- Directions: Report each line of the entries below that has the word "seriesSr" in it.
####################
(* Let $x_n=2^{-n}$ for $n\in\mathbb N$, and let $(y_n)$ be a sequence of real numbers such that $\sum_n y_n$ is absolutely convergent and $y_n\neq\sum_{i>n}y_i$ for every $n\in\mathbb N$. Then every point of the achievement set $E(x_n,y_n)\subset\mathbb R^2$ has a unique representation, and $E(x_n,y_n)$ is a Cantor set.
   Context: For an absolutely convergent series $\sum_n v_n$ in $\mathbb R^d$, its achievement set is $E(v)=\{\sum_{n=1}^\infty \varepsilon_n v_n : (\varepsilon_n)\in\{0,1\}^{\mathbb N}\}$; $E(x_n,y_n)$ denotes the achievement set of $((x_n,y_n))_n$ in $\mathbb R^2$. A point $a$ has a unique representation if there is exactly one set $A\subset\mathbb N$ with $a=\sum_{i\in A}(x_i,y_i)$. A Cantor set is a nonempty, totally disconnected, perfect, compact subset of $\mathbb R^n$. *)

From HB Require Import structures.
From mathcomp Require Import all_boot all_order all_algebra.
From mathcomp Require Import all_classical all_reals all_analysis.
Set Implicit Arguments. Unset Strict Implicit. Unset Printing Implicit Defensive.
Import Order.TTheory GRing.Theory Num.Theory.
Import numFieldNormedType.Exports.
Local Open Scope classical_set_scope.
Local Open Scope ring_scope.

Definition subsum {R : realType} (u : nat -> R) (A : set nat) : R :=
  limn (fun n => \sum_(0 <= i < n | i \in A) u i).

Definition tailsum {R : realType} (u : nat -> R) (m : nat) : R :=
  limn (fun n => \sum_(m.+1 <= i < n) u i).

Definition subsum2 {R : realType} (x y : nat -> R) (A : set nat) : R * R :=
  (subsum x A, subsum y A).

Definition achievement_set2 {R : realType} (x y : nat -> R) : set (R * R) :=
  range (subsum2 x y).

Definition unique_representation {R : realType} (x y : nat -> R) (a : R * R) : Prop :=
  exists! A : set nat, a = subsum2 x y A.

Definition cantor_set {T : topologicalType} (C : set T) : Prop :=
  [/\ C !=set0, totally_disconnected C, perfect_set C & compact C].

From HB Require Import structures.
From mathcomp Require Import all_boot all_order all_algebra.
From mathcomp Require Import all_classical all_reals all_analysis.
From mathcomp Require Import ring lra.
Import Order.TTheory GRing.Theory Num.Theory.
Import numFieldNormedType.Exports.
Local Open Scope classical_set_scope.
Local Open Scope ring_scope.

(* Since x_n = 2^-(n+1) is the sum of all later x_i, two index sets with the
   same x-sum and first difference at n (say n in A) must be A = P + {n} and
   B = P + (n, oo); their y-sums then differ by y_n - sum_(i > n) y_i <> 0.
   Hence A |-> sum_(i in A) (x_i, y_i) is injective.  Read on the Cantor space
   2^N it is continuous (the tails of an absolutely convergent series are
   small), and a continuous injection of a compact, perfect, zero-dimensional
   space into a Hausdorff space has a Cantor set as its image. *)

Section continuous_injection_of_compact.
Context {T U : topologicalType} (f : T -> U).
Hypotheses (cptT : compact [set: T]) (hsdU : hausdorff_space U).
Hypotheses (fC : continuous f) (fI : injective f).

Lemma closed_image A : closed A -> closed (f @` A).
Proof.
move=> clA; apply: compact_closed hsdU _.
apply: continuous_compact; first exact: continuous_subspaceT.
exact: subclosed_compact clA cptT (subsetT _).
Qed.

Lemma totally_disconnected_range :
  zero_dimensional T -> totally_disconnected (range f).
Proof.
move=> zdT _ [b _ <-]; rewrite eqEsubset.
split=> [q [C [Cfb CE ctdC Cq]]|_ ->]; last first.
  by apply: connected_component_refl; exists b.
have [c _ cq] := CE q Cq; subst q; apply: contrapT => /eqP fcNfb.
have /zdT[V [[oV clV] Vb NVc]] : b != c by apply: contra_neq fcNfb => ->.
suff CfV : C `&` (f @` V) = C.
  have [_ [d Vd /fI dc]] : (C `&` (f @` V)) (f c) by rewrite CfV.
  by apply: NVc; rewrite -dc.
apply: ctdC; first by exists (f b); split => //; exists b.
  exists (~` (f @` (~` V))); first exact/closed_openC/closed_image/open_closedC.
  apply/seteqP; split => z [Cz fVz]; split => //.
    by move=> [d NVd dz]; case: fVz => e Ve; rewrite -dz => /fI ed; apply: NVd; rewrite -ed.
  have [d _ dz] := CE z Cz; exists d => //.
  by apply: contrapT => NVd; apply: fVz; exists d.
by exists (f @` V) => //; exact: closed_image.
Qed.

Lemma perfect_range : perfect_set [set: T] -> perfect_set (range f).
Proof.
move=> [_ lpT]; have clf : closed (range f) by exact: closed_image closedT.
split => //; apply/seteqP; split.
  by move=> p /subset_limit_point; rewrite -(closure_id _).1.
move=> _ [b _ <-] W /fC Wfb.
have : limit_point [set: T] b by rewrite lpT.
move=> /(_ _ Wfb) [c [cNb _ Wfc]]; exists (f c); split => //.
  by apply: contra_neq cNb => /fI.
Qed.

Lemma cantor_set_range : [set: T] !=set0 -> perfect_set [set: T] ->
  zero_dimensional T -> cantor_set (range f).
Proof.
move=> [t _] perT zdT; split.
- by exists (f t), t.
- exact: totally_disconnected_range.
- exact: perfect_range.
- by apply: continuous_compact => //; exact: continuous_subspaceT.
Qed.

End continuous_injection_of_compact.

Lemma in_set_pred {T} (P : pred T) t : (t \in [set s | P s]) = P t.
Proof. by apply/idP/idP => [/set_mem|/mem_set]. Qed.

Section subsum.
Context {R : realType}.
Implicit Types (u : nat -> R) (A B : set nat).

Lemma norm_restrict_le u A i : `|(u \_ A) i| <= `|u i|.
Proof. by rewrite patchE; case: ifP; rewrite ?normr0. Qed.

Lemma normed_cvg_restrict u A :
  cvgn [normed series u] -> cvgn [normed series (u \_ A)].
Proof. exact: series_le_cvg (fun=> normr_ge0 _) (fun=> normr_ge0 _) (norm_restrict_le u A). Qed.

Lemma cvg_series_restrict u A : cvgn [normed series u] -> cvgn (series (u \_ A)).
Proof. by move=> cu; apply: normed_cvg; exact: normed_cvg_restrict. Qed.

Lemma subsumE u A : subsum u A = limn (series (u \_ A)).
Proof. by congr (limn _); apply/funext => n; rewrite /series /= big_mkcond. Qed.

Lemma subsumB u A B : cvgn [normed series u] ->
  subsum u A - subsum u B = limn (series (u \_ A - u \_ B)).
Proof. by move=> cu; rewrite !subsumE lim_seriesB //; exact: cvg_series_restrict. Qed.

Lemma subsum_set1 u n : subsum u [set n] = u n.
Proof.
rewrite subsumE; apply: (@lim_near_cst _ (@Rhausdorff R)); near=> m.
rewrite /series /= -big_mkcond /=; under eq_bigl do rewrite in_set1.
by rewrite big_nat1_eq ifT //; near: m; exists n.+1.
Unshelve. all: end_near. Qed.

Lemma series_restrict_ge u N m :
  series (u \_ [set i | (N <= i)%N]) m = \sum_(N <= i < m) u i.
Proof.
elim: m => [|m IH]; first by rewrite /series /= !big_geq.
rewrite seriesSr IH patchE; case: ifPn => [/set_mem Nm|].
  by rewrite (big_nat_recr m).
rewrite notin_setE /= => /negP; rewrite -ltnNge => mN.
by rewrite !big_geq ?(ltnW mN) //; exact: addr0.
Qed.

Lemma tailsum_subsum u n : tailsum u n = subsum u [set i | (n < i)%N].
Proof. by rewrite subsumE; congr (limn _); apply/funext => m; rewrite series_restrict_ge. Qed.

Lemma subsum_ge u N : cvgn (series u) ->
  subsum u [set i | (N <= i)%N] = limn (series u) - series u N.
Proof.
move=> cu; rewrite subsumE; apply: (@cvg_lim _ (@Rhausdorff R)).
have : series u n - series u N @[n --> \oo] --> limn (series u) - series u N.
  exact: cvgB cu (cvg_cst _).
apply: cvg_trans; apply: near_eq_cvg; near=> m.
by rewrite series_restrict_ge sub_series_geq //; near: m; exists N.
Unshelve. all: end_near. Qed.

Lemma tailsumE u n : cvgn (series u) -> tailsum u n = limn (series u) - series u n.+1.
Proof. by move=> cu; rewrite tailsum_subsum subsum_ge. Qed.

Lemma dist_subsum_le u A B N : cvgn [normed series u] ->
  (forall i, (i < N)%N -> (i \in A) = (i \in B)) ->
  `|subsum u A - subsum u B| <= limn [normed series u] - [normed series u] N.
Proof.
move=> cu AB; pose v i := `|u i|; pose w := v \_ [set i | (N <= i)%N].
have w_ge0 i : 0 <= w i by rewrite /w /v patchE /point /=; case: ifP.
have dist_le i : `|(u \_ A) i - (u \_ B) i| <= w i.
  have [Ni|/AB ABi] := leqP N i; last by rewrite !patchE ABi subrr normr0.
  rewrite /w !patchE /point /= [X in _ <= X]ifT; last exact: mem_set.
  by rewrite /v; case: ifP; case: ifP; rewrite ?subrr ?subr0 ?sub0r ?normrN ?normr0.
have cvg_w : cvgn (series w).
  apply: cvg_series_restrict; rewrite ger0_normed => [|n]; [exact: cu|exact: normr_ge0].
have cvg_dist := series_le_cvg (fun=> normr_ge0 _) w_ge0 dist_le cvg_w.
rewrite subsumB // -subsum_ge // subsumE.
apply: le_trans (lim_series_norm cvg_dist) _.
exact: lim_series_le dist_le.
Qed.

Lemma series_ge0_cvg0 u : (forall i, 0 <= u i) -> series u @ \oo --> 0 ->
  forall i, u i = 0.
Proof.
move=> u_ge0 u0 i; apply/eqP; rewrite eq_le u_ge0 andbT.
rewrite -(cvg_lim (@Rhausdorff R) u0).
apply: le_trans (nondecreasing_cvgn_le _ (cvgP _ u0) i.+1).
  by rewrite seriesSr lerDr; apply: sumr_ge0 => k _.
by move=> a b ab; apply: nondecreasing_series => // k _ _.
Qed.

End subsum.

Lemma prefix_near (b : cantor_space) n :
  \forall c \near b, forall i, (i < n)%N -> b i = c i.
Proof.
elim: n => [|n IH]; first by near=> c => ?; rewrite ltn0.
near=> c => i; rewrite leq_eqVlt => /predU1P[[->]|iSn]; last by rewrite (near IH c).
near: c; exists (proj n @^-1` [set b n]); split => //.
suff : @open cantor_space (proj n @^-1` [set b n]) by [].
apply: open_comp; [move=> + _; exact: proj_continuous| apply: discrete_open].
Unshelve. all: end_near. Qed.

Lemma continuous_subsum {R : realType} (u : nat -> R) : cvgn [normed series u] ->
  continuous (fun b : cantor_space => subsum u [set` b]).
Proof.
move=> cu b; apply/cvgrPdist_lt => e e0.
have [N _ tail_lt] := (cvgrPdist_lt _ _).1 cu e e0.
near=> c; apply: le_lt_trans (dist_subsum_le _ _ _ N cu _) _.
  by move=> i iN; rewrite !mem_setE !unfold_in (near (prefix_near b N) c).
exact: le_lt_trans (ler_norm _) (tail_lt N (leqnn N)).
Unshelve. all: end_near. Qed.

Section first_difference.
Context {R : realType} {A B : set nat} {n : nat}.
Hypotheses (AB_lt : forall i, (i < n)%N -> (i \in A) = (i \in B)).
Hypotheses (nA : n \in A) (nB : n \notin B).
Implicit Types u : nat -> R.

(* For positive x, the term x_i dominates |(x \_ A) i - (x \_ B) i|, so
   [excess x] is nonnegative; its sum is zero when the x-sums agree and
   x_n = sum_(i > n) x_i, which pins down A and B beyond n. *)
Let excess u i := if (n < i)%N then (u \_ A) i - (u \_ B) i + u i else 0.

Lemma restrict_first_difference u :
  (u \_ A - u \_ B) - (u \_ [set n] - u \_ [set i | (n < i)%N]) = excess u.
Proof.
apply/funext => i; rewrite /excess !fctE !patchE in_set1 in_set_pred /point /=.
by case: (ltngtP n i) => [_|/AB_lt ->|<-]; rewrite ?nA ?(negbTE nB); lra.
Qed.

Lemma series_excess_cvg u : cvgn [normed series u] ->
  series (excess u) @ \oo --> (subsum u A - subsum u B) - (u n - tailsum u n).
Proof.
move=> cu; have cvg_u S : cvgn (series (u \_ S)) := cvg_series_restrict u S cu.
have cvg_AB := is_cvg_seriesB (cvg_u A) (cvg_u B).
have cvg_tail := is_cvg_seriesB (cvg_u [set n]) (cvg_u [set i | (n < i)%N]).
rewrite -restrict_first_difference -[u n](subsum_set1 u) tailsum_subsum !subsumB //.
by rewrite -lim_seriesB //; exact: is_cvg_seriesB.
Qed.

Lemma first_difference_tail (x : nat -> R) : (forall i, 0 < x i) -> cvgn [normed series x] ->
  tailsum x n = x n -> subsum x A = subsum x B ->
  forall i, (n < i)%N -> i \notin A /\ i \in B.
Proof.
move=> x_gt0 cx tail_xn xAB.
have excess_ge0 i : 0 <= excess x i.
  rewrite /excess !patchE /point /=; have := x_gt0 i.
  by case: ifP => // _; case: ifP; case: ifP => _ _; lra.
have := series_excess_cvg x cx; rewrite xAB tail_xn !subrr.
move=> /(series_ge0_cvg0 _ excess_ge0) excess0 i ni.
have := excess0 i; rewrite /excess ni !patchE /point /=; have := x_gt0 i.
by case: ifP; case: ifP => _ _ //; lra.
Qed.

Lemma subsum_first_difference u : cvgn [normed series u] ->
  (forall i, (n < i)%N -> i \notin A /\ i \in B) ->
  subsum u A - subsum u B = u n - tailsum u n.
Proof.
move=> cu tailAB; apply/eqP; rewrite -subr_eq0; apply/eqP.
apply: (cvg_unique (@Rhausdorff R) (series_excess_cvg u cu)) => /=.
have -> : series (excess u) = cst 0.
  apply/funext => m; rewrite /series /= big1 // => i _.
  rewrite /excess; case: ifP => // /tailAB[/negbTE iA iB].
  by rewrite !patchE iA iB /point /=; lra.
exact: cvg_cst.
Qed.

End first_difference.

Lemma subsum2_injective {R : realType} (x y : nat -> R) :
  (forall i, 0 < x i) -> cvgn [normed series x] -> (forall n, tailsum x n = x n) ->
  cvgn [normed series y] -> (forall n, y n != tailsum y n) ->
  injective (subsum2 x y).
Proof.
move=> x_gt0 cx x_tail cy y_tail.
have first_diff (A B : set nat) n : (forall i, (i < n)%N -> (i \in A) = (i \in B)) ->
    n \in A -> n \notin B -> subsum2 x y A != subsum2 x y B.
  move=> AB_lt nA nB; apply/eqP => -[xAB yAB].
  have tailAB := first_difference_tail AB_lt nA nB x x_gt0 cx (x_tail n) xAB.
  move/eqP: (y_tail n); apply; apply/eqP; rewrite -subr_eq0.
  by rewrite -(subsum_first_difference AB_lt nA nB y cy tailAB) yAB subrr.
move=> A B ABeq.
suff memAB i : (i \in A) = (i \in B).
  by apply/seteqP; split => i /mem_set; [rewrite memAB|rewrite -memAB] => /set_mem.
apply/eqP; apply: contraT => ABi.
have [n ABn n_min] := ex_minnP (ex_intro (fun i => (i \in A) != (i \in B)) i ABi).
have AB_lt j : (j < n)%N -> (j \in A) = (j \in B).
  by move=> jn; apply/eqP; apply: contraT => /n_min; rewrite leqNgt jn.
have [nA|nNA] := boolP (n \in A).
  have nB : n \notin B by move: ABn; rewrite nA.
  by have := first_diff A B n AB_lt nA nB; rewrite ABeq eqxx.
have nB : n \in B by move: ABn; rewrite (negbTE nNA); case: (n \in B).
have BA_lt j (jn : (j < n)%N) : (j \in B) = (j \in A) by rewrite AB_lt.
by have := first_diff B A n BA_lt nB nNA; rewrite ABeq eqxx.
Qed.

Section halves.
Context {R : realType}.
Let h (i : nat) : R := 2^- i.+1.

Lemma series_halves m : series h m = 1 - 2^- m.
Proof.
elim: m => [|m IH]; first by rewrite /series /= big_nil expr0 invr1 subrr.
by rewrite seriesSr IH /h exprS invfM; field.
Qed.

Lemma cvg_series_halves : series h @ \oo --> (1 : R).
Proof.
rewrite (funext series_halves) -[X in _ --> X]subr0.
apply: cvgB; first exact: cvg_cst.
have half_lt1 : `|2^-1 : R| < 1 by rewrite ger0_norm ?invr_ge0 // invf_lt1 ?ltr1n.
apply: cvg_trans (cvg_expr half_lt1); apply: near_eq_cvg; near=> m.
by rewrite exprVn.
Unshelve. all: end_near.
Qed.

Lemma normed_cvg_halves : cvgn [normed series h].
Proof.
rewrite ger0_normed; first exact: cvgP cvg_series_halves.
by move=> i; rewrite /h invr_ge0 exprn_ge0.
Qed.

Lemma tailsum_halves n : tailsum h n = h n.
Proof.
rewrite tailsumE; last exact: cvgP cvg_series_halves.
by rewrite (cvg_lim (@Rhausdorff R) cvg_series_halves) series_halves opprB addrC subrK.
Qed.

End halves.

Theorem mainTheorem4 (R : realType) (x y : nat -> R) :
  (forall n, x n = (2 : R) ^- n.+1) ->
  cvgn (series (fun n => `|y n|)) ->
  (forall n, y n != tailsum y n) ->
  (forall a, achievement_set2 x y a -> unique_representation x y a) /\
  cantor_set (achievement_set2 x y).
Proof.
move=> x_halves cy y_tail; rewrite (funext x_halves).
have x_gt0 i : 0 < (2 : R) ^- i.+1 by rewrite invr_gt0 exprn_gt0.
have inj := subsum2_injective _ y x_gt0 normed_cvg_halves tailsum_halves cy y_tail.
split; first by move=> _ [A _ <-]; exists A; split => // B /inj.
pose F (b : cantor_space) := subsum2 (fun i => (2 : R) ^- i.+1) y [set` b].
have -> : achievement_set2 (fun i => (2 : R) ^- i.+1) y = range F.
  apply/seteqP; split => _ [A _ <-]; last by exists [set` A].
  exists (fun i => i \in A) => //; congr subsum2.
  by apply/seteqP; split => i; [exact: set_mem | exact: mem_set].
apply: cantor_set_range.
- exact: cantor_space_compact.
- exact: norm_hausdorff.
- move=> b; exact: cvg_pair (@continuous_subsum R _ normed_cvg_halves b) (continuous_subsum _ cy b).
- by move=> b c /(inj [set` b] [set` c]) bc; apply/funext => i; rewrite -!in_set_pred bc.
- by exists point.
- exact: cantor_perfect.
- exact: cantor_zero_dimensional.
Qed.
####################
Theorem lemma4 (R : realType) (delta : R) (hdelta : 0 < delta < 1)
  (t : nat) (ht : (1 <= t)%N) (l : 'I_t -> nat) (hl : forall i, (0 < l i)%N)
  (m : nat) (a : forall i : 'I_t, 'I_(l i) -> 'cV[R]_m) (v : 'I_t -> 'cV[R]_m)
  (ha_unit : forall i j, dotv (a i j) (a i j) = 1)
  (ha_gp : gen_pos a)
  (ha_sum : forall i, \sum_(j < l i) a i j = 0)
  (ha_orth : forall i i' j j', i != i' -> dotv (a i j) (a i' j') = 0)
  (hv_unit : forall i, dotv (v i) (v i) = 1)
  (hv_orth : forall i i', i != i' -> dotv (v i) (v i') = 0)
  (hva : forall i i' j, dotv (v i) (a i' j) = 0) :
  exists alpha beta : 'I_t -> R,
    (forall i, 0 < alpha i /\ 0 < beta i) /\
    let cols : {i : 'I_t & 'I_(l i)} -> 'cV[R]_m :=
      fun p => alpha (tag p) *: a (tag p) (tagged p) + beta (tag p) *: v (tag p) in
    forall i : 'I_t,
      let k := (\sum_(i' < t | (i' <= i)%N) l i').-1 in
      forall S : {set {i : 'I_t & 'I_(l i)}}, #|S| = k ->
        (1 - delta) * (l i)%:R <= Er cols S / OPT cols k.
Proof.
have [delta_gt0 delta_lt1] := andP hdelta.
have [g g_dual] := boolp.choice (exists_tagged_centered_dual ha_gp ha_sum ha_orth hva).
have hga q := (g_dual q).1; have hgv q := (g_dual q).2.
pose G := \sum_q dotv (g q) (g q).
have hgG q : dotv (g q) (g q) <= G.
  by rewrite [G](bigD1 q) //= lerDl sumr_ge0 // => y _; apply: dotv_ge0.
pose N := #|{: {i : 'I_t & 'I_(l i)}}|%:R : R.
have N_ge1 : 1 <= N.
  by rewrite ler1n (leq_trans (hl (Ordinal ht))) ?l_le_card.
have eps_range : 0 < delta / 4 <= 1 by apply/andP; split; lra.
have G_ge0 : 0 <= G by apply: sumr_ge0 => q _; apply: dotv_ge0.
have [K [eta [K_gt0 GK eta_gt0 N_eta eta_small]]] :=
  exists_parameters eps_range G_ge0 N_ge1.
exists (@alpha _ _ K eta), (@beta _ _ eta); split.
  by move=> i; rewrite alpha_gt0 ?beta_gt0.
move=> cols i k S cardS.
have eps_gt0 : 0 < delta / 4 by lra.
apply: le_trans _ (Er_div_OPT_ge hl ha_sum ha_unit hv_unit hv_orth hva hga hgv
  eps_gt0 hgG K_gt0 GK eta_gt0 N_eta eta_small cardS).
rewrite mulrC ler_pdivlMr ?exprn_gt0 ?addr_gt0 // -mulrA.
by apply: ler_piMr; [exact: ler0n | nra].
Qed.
####################
- Reply to the task:
rewrite seriesSr IH patchE; case: ifPn => [/set_mem Nm|].
  by rewrite seriesSr lerDr; apply: sumr_ge0 => k _.
by rewrite seriesSr IH /h exprS invfM; field.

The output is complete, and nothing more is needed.